Where does the character of Simone come from?

Rule 34 is a work at the crossroads of sex and politics. It’s listening to former porn actress Sasha Gray – who also starred in Girlfriend Experience (2009), by Steven Soderbergh – that the character of Simone was born: for Sasha Grey, the practice of pornography consists in measuring the risk and in pushing back one’s limits, at the same time social, emotional and physical. I wanted to show this moment when a young woman decides to face her sexual fantasies. It is not out of economic necessity that Simone responds to clients on the Internet, with whom she practices, up to a certain point, self-asphyxiation – using a plastic bag. She does it because it is part of the excitement she feels. I made a film about this desire for violence, while having the concern to contextualize it in Brazilian, patriarchal society.

How did you choose the actress Sol Miranda, a black woman who is also involved in politics and is an activist in the Brazilian Workers’ Party?
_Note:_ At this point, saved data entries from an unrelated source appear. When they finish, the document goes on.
(* Let C vanish above degree N and reindex it as a chain C_k := C_(N-k), k : nat.
   Build a chain A_k -> C_k inductively: A_0 precovers C_0, and A_(k+1)
   precovers the module of pairs (c, a) in C_(k+1) x A_k with d a = 0 and
   d c = aug a; the two projections give the differential and the augmentation,
   and d d = 0 because the image lies in the cycles.  A chain map from a chain
   with terms in the class lifts degree by degree through these precovers, the
   pair (f x, g (d x)) always landing in the module being precovered. *)

Section Kernel.
Variables (R : nzRingType) (V W : lmodType R) (h : {linear V -> W}).

Definition ker_pred : {pred V} := fun x => h x == 0.

Lemma ker_pred_submod_closed : submod_closed ker_pred.
Proof.
split; first by rewrite unfold_in /ker_pred /= raddf0.
move=> a u v; rewrite !unfold_in /ker_pred /= linearP => /eqP -> /eqP ->.
by rewrite scaler0 addr0.
Qed.

HB.instance Definition _ :=
  GRing.isSubmodClosed.Build R V ker_pred ker_pred_submod_closed.

Record ker_mod := KerMod { ker_val : V; _ : ker_val \in ker_pred }.
HB.instance Definition _ := [isSub for ker_val].
HB.instance Definition _ := [Choice of ker_mod by <:].
HB.instance Definition _ := [SubChoice_isSubLmodule of ker_mod by <:].

Lemma ker_val_is_linear : linear ker_val. Proof. by []. Qed.
HB.instance Definition _ :=
  GRing.isLinear.Build R ker_mod V _ ker_val ker_val_is_linear.

Lemma ker_valP (x : ker_mod) : h (ker_val x) = 0.
Proof. by case: x => v /= /eqP. Qed.

Variables (U : lmodType R) (f : {linear U -> V}) (hf : forall x, h (f x) = 0).

Definition ker_corestr (x : U) : ker_mod := KerMod (introT eqP (hf x)).

Lemma ker_corestr_is_linear : linear ker_corestr.
Proof. by move=> a x y; apply: val_inj; rewrite /= linearP. Qed.
HB.instance Definition _ :=
  GRing.isLinear.Build R U ker_mod _ ker_corestr ker_corestr_is_linear.

Lemma ker_corestrE x : ker_val (ker_corestr x) = f x. Proof. by []. Qed.

End Kernel.

Section Pairing.
Variables (R : nzRingType) (U V W : lmodType R).
Variables (f : {linear U -> V}) (g : {linear U -> W}).

Definition pair_lin (x : U) : (V * W)%type := (f x, g x).

Lemma pair_lin_is_linear : linear pair_lin.
Proof. by move=> a x y; rewrite /pair_lin !linearP. Qed.
HB.instance Definition _ :=
  GRing.isLinear.Build R U (V * W)%type _ pair_lin pair_lin_is_linear.

End Pairing.

Section Cast.
Variables (R : nzRingType) (I : eqType) (F : I -> lmodType R).

Definition cast_lin (i j : I) (e : i = j) : {linear F i -> F j} :=
  match e in _ = j return {linear F i -> F j} with erefl => idfun end.

Lemma cast_lin_id i (e : i = i) x : cast_lin e x = x.
Proof. by rewrite (eq_irrelevance e erefl). Qed.

Lemma cast_linK i j (e1 : i = j) (e2 : j = i) x : cast_lin e2 (cast_lin e1 x) = x.
Proof. by case: j / e1 e2 => e2; rewrite cast_lin_id. Qed.

Lemma cast_lin_irr i j (e1 e2 : i = j) x : cast_lin e1 x = cast_lin e2 x.
Proof. by rewrite (eq_irrelevance e1 e2). Qed.

End Cast.

Section Chains.
Variable R : nzRingType.

Record chain := Chain {
  chobj : nat -> lmodType R;
  chdiff : forall k : nat, {linear chobj k.+1 -> chobj k};
  chdiff_sq : forall k (x : chobj k.+2), chdiff k (chdiff k.+1 x) = 0
}.

Record chmorph (A B : chain) := ChMorph {
  chmap : forall k : nat, {linear chobj A k -> chobj B k};
  chmap_comm : forall k (x : chobj A k.+1),
      chmap k (chdiff A k x) = chdiff B k (chmap k.+1 x)
}.

End Chains.

Section ChainPrecover.
Variables (R : nzRingType) (F : lmodType R -> Prop).
Hypothesis has_precover : forall M : lmodType R,
  exists (P : lmodType R) (phi : {linear P -> M}), mod_precover F phi.

Definition pc_sig (M : lmodType R) :=
  constructive_indefinite_description _ (has_precover M).
Definition pc_obj (M : lmodType R) : lmodType R := proj1_sig (pc_sig M).
Definition pc_map (M : lmodType R) : {linear pc_obj M -> M} :=
  proj1_sig (constructive_indefinite_description _ (proj2_sig (pc_sig M))).

Lemma pc_mapP (M : lmodType R) : mod_precover F (pc_map M).
Proof. exact: proj2_sig (constructive_indefinite_description _ _). Qed.

Definition pc_lift (M P' : lmodType R) (f : {linear P' -> M}) (hP' : F P') :
    {linear P' -> pc_obj M} :=
  proj1_sig (constructive_indefinite_description _ ((pc_mapP M).2 P' f hP')).

Lemma pc_liftE (M P' : lmodType R) (f : {linear P' -> M}) (hP' : F P') x :
  pc_map M (pc_lift f hP' x) = f x.
Proof. by rewrite /pc_lift; case: constructive_indefinite_description. Qed.

Variable C : chain R.

(* [stB] is the previous term [A_(k-1)] and [std] the differential into it; at
   [k = 0] there is no previous term and [stB] is [A_0] with the zero map. *)
Record stage (k : nat) := Stage {
  stA : lmodType R;
  stB : lmodType R;
  std : {linear stA -> stB};
  staug : {linear stA -> chobj C k}
}.

Section Step.
Variables (k : nat) (s : stage k).

Definition step_fun (z : (chobj C k.+1 * stA s)%type) : (chobj C k * stB s)%type :=
  (chdiff C k z.1 - staug s z.2, std s z.2).

Lemma step_fun_is_linear : linear step_fun.
Proof.
move=> a [c1 y1] [c2 y2]; rewrite /step_fun /= !linearP /=.
by congr (_, _); rewrite /= scalerBr scalerN addrACA.
Qed.
HB.instance Definition _ := GRing.isLinear.Build R _ _ _ step_fun step_fun_is_linear.

Definition step_map : {linear (chobj C k.+1 * stA s)%type -> (chobj C k * stB s)%type} :=
  step_fun.

End Step.

Fixpoint stage_of (k : nat) : stage k :=
  match k return stage k with
  | 0 => Stage (\0 : {linear pc_obj (chobj C 0) -> pc_obj (chobj C 0)})
               (pc_map (chobj C 0))
  | k'.+1 =>
      let s := stage_of k' in
      let K := ker_mod (step_map s) in
      Stage (snd \o ker_val (h:=step_map s) \o pc_map K)
            (fst \o ker_val (h:=step_map s) \o pc_map K)
  end.

Definition pc_term k := stA (stage_of k).
Definition pc_diff k : {linear pc_term k.+1 -> pc_term k} := std (stage_of k.+1).
Definition pc_aug k : {linear pc_term k -> chobj C k} := staug (stage_of k).

Lemma pc_term_in k : F (pc_term k).
Proof. by case: k => [|k]; apply: (pc_mapP _).1. Qed.

Lemma pc_diff_sq k (y : pc_term k.+2) : pc_diff k (pc_diff k.+1 y) = 0.
Proof.
rewrite /pc_diff /=.
have := ker_valP (pc_map (ker_mod (step_map (stage_of k.+1))) y).
by case: (ker_val _) => c z /= /(congr1 snd).
Qed.

Lemma pc_aug_comm k (y : pc_term k.+1) :
  pc_aug k (pc_diff k y) = chdiff C k (pc_aug k.+1 y).
Proof.
rewrite /pc_diff /pc_aug /=.
have := ker_valP (pc_map (ker_mod (step_map (stage_of k))) y).
by case: (ker_val _) => c z /= /(congr1 fst) /= /eqP; rewrite subr_eq0 => /eqP.
Qed.

Definition pc_chain : chain R := Chain pc_diff_sq.
Definition pc_morph : chmorph pc_chain C := @ChMorph _ pc_chain C pc_aug pc_aug_comm.

Section Lift.
Variables (D : chain R) (f : chmorph D C) (HD : forall k, F (chobj D k)).

Record lift_stage k := LiftStage {
  lift_map : {linear chobj D k -> pc_term k};
  lift_mapP : forall x, pc_aug k (lift_map x) = chmap f k x;
  lift_map_cycle : forall x : chobj D k.+1, std (stage_of k) (lift_map (chdiff D k x)) = 0
}.

Definition lift_stage0 : lift_stage 0 :=
  @LiftStage 0 (pc_lift (chmap f 0) (HD 0)) (pc_liftE _ _) (fun=> erefl).

Section LiftStep.
Variables (k : nat) (g : lift_stage k).

Definition lift_pair : {linear chobj D k.+1 -> (chobj C k.+1 * pc_term k)%type} :=
  pair_lin (chmap f k.+1) (lift_map g \o chdiff D k).

Lemma lift_pair_ker x : step_map (stage_of k) (lift_pair x) = 0.
Proof.
by rewrite /= /step_fun /pair_lin /= lift_mapP chmap_comm subrr lift_map_cycle.
Qed.

Definition lift_next : {linear chobj D k.+1 -> pc_term k.+1} :=
  pc_lift (ker_corestr lift_pair_ker) (HD k.+1).

Lemma lift_nextE x : pc_map _ (lift_next x) = ker_corestr lift_pair_ker x.
Proof. exact: pc_liftE. Qed.

Lemma lift_nextP x : pc_aug k.+1 (lift_next x) = chmap f k.+1 x.
Proof. by rewrite /pc_aug /= lift_nextE ker_corestrE. Qed.

Lemma lift_next_comm x : pc_diff k (lift_next x) = lift_map g (chdiff D k x).
Proof. by rewrite /pc_diff /= lift_nextE ker_corestrE. Qed.

Lemma lift_next_cycle x : std (stage_of k.+1) (lift_next (chdiff D k.+1 x)) = 0.
Proof. by rewrite -/(pc_diff k _) lift_next_comm chdiff_sq raddf0. Qed.

Definition lift_step : lift_stage k.+1 :=
  LiftStage lift_nextP lift_next_cycle.

End LiftStep.

Fixpoint lift_of k : lift_stage k :=
  match k with 0 => lift_stage0 | k'.+1 => lift_step (lift_of k') end.

Lemma lift_of_comm k (x : chobj D k.+1) :
  lift_map (lift_of k) (chdiff D k x) = pc_diff k (lift_map (lift_of k.+1) x).
Proof. by rewrite [lift_of k.+1]/= lift_next_comm. Qed.

Lemma pc_chain_lift : exists g : chmorph D pc_chain,
  forall k x, chmap f k x = chmap pc_morph k (chmap g k x).
Proof.
exists (@ChMorph _ D pc_chain (fun k => lift_map (lift_of k)) lift_of_comm).
by move=> k x; rewrite /= lift_mapP.
Qed.

End Lift.
End ChainPrecover.

Section CastComplex.
Variables (R : nzRingType) (D C : complex R).

Lemma cdiff_cast m n (e : m = n) (e' : m + 1 = n + 1) (x : cobj C m) :
  cdiff C n (cast_lin (cobj C) e x) = cast_lin (cobj C) e' (cdiff C m x).
Proof. by case: n / e e' => e'; rewrite !cast_lin_id. Qed.

Lemma cmap_cast (f : cmorph D C) m n (e : m = n) (x : cobj D m) :
  cmap f n (cast_lin (cobj D) e x) = cast_lin (cobj C) e (cmap f m x).
Proof. by case: n / e. Qed.

End CastComplex.

Section Lower.
Variables (R : nzRingType) (N : int).

Lemma lower_index (k : nat) : N - k.+1%:Z + 1 = N - k%:Z.
Proof. lia. Qed.

Definition lower_diff (C : complex R) k :
    {linear cobj C (N - k.+1%:Z) -> cobj C (N - k%:Z)} :=
  cast_lin (cobj C) (lower_index k) \o cdiff C (N - k.+1%:Z).

Lemma lower_diff_sq (C : complex R) k x : lower_diff C k (lower_diff C k.+1 x) = 0.
Proof.
have e : N - k.+2%:Z + 1 + 1 = N - k.+1%:Z + 1 by lia.
by rewrite /lower_diff /= (cdiff_cast (lower_index k.+1) e) cdiff_sq !raddf0.
Qed.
Initially, we opened the casting without worrying about skin color. Black women are often extremely sexualized, the idea of ​​giving such a role to a black actress was not obvious. But, when I discovered Sol Miranda, I was attracted by its “opaque” side. Sol doesn’t fully show who she is, which is quite rare for an actress during a casting, but she is very generous. Watching her play is exciting. She comes from the theater and had never acted in a film, so we took a risk by giving her the main role. But she imposed herself.